Should really slow down.
"Thanks for not shooting me by the way. Not that it matters in the long run, bullets don't have much effect on me, but thanks anyway." Why was his drink gone again! Cafas motioned the barkeep over and turned to Michael. "Want another drink?"
"Oh? Bullets don' work on you? That seems rather unfair." He mused, "Had I shot an' it didn' drop you, would going up t' bat something built Ford tough have worked?" He waived off the comment he'd made with a dismissive grunt. It didn't much matter and no need for a pissing contest. "I hadn't wanted t' shoot yah. Even then I still wadn't a cold blooded killer."
The barkeep made his way over at Cafas beckoning. He wanted another drink, but after looking at is beer he decided he didn't want another of these. Yankee beers, like everything else they did, left much to be desired. "Best Mexican beer yah got, with lime." He'd learned a long time ago you had to ask for that here. Most bartenders knew you served Mexican beer with lime, but it seemed one too many didn't. He then drank the rest of the beer and set down the empty bottle.
"Oh? Bullets don' work on you? That seems rather unfair."
Was Rather.
"Had I shot an' it didn' drop you, would going up t' bat something built Ford tough have worked?"
Depends how much metal was exposed. He said as much.
"I hadn't wanted t' shoot yah. Even then I still wadn't a cold blooded killer."
That made one of them. He'd done more than his share of cold calculated killings since the collapse. A deranged part of his brain, obsessed with justice. An utterly arbitrary justice at that. An eye for an eye, where it had suited him. He did a lot with hot blood too. Mostly for friends.
"Better man than most out there then. The cold blooded ones tend to be the ones that live." Not very long. Not with the being Cafas had degenerated to.
Money was payed to the barkeep as drinks were given over the bar to the men. "So, what brings you here? Just the open mic?"
"Cold blooded or content t' keep mostly t' themselves." The latter plus his ability to defend when the former came knocking had kept him alive. One could argue the Ranger's willingness to do what must be done makes him cold hearted, but those people live in a fantasy land... and a fine beer with lime was now in front of him.

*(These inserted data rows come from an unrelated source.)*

(* Let $(x,y)$ be a random pair with values in $\mathcal{X}\times\{-1,+1\}$ with some distribution $P$ (so $\Pr\{x\in\mathcal{X}\}=1$). Let $f_\theta:\mathcal{X}\times\mathbb{R}\to\mathbb{R}$ satisfy the scalable-classifier assumption, and let $\bar\rho(x)$ denote the unique solution of $f_\theta(x,\bar\rho(x))=0$. Let $\mathcal{Z}_c=\{(x_i,y_i)\}_{i=1}^{n_c}$ be $n_c$ i.i.d. samples from $P$. Let $\varepsilon,\delta\in(0,1)$ and let $r$ be an integer with $1\le r\le n_c$ and $$\mathbf{B}(r-1;n_c,\varepsilon)\le\delta.$$ Let $\{\tilde x^U_j\}_{j=1}^{n_U}$ be the feature vectors of all samples in $\mathcal{Z}_c$ with label $-1$ (listed with multiplicity), define, when $n_U\ge r$, $$\rho_\varepsilon=\max{}^{(r)}\big(\{\bar\rho(\tilde x^U_j)\}_{j=1}^{n_U}\big),$$ and define $\mathcal{S}_\varepsilon=\{x\in\mathcal{X}: f_\theta(x,\rho_\varepsilon)<0\}$ if $n_U\ge r$ and $\mathcal{S}_\varepsilon=\mathcal{X}$ otherwise. Then, with probability at least $1-\delta$ with respect to the draw of $\mathcal{Z}_c$, $$\Pr_{(x,y)\sim P}\{y=-1\ \text{and}\ x\in\mathcal{S}_\varepsilon\}\le\varepsilon,$$ where $(x,y)$ is drawn independently of $\mathcal{Z}_c$.
   Context: Scalable-classifier assumption: for every $x\in\mathcal{X}$, the map $\rho\mapsto f_\theta(x,\rho)$ is continuous and strictly increasing, and $\lim_{\rho\to-\infty}f_\theta(x,\rho)<0<\lim_{\rho\to+\infty}f_\theta(x,\rho)$ (under this assumption $\bar\rho(x)$ exists and is unique). Binomial CDF: $\mathbf{B}(k;n,\varepsilon)=\sum_{i=0}^{k}\binom{n}{i}\varepsilon^i(1-\varepsilon)^{n-i}$. Generalized max: for a finite collection $\Gamma=\{\gamma_i\}_{i=1}^n$ of reals and integer $r\in\{1,\dots,n\}$, order it as $\gamma_{(1)}\ge\gamma_{(2)}\ge\dots\ge\gamma_{(n)}$ and set $\max^{(r)}(\Gamma)=\gamma_{(r)}$ (the $r$-th largest value, counting multiplicity). *)

From HB Require Import structures.
From mathcomp Require Import all_boot all_order all_algebra.
From mathcomp Require Import all_classical all_reals all_analysis.
Set Implicit Arguments. Unset Strict Implicit. Unset Printing Implicit Defensive.
Import Order.TTheory GRing.Theory Num.Theory.
Import numFieldNormedType.Exports.
Local Open Scope classical_set_scope.
Local Open Scope ring_scope.

(* Labels {-1,+1} are encoded by bool: true = +1, false = -1. *)

Definition scalable_classifier {R : realType} {X : Type} (f : X -> R -> R) : Prop :=
  forall x : X,
    continuous (f x) /\
    {homo f x : a b / a < b} /\
    exists l1 l2 : \bar R,
      ((f x r)%:E @[r --> -oo] --> l1) /\ ((f x r)%:E @[r --> +oo] --> l2) /\
      (l1 < 0)%E /\ (0 < l2)%E.

Definition rho_bar {R : realType} {X : Type} (f : X -> R -> R) (x : X) : R :=
  xget 0 [set r | f x r = 0].

Definition binom_cdf {R : realType} (k n : nat) (eps : R) : R :=
  \sum_(i < k.+1) ('C(n, i))%:R * eps ^+ i * (1 - eps) ^+ (n - i).

(* Generalized max: r-th largest element (counting multiplicity), 1 <= r <= size s. *)
Definition gen_max {R : realType} (r : nat) (s : seq R) : R :=
  nth 0 (sort (fun a b : R => b <= a) s) r.-1.

Definition iid_sample {R : realType} {d d' : measure_display}
  {X : measurableType d} {Omega : measurableType d'} (n : nat)
  (Q : probability Omega R) (P : probability (X * bool)%type R)
  (Z : 'I_n -> Omega -> (X * bool)%type) : Prop :=
  (forall i, measurable_fun setT (Z i)) /\
  forall A : 'I_n -> set (X * bool)%type, (forall i, measurable (A i)) ->
    Q (\bigcap_i (Z i @^-1` A i)) = (\prod_(i < n) P (A i))%E.

Definition neg_scores {R : realType} {X Omega : Type} (n : nat) (f : X -> R -> R)
  (Z : 'I_n -> Omega -> (X * bool)%type) (w : Omega) : seq R :=
  [seq rho_bar f (Z i w).1 | i <- enum 'I_n & ~~ (Z i w).2].

Definition S_eps {R : realType} {X Omega : Type} (n r : nat) (f : X -> R -> R)
  (Z : 'I_n -> Omega -> (X * bool)%type) (w : Omega) : set X :=
  if (r <= size (neg_scores f Z w))%N
  then [set x | f x (gen_max r (neg_scores f Z w)) < 0]
  else setT.

From HB Require Import structures.
From mathcomp Require Import all_boot all_order all_algebra.
From mathcomp Require Import all_classical all_reals all_analysis.
From mathcomp Require Import ring lra.
Import Order.TTheory GRing.Theory Num.Theory.
Import numFieldNormedType.Exports.
Set Implicit Arguments.
Unset Strict Implicit.
Unset Printing Implicit Defensive.
Local Open Scope classical_set_scope.
Local Open Scope ring_scope.

(* The scores [rho_bar f x] turn the threshold rule into a quantile problem:
   [x] lies in [S_eps] iff its score exceeds [rho_eps], the [r]-th largest score
   of the label [-1] samples.  Let [t] be the [eps]-quantile of the label [-1]
   scores under [P], i.e. the least threshold with P(y = -1, score > t) <= eps
   (if P(y = -1) <= eps there is nothing to prove); by continuity of [P] it
   exists, and A = {y = -1, score >= t} has P(A) >= eps.
   Each sample falls in [A] independently with probability P(A), so fewer than
   [r] of them do with probability at most B(r-1; n_c, P(A)) <= B(r-1; n_c, eps)
   <= delta.  On the complementary event [rho_eps >= t], hence
   P(y = -1, x in S_eps) <= P(y = -1, score > t) <= eps. *)

Lemma cvg_open_ex {T : Type} {U : topologicalType} (F : set_system T)
    {PF : ProperFilter F} (g : T -> U) (l : U) (A : set U) :
  g @ F --> l -> open A -> A l -> exists t, A (g t).
Proof.
move=> gl oA Al; apply: (@filter_ex _ F); apply: (gl A).
exact: open_nbhs_nbhs.
Qed.

Section scalable_classifier.
Variables (R : realType) (X : Type) (f : X -> R -> R).
Hypothesis hf : scalable_classifier f.

Lemma rho_bar_root x : f x (rho_bar f x) = 0.
Proof.
have [cf [homf [l1 [l2 [cvl1 [cvl2 [l1_lt0 l2_gt0]]]]]]] := hf x.
suff ex0 : exists c, f x c = 0 by exact: (xgetPex 0 ex0).
have [a fa] : exists a, f x a < 0.
  have [|a] := @cvg_open_ex _ _ _ _ _ _ `]-oo, 0%E[ cvl1 (lray_open _).
    by rewrite /= in_itv.
  by rewrite /= in_itv /= lte_fin; exists a.
have [b fb] : exists b, 0 < f x b.
  have [|b] := @cvg_open_ex _ _ _ _ _ _ `]0%E, +oo[ cvl2 (rray_open _).
    by rewrite /= in_itv /= andbT.
  by rewrite /= in_itv /= andbT lte_fin; exists b.
have ab : a <= b.
  rewrite leNgt; apply/negP => /homf ba.
  by have := lt_trans fa (lt_trans fb ba); rewrite ltxx.
have [|c _ fc] := @IVT R (f x) a b 0 ab (continuous_subspaceT cf).
  by rewrite ge_min le_max (ltW fa) (ltW fb) orbT.
by exists c.
Qed.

Squeeze the lime, stuff it in, tip the bottle, enjoy. There is a reason some poople go to work just for cerveza money. "It's an excuse," He started with a wave vaguely toward the stage."a reason t' play. Not t' mention a chance t' culture these Yanks." A smile crossing his face with the last line. "What 'bout you? The booze is fair enough, but I can' say much about who they allow t' play here."
"Trying to numb my mind. Been a busy day as an X-man. This place was open, cheap, and had live music, so I came in." So far the alcohol didn't seem to be helping much. His mind was tired. Sleep was likely what he really needed, but alcohol... Well, it just had a way of drawing him to it.
That's all kinds of troubling right there.
He made a mental note to try and stop that. He promptly lost that note under the pile of others he'd made recently. He took a long sip and looked over to the southerner (though perhaps that term was somewhat more appropriate for Cafas, in terms of place of origin.) "You know, I used to think the X-men were this group who operated outside the law to do what needed to be done; Save who needed to be saved. People who had morals, tried to help the world even if it meant ignoring the law, or risking their lives." Another sip was called for.
"Now I'm there, you know what I see? A freak show SWAT team. We joined up with the police and now we're just cops without badges. It's bullshit. I'm starting to think that Judge character might have a better idea than the X-men."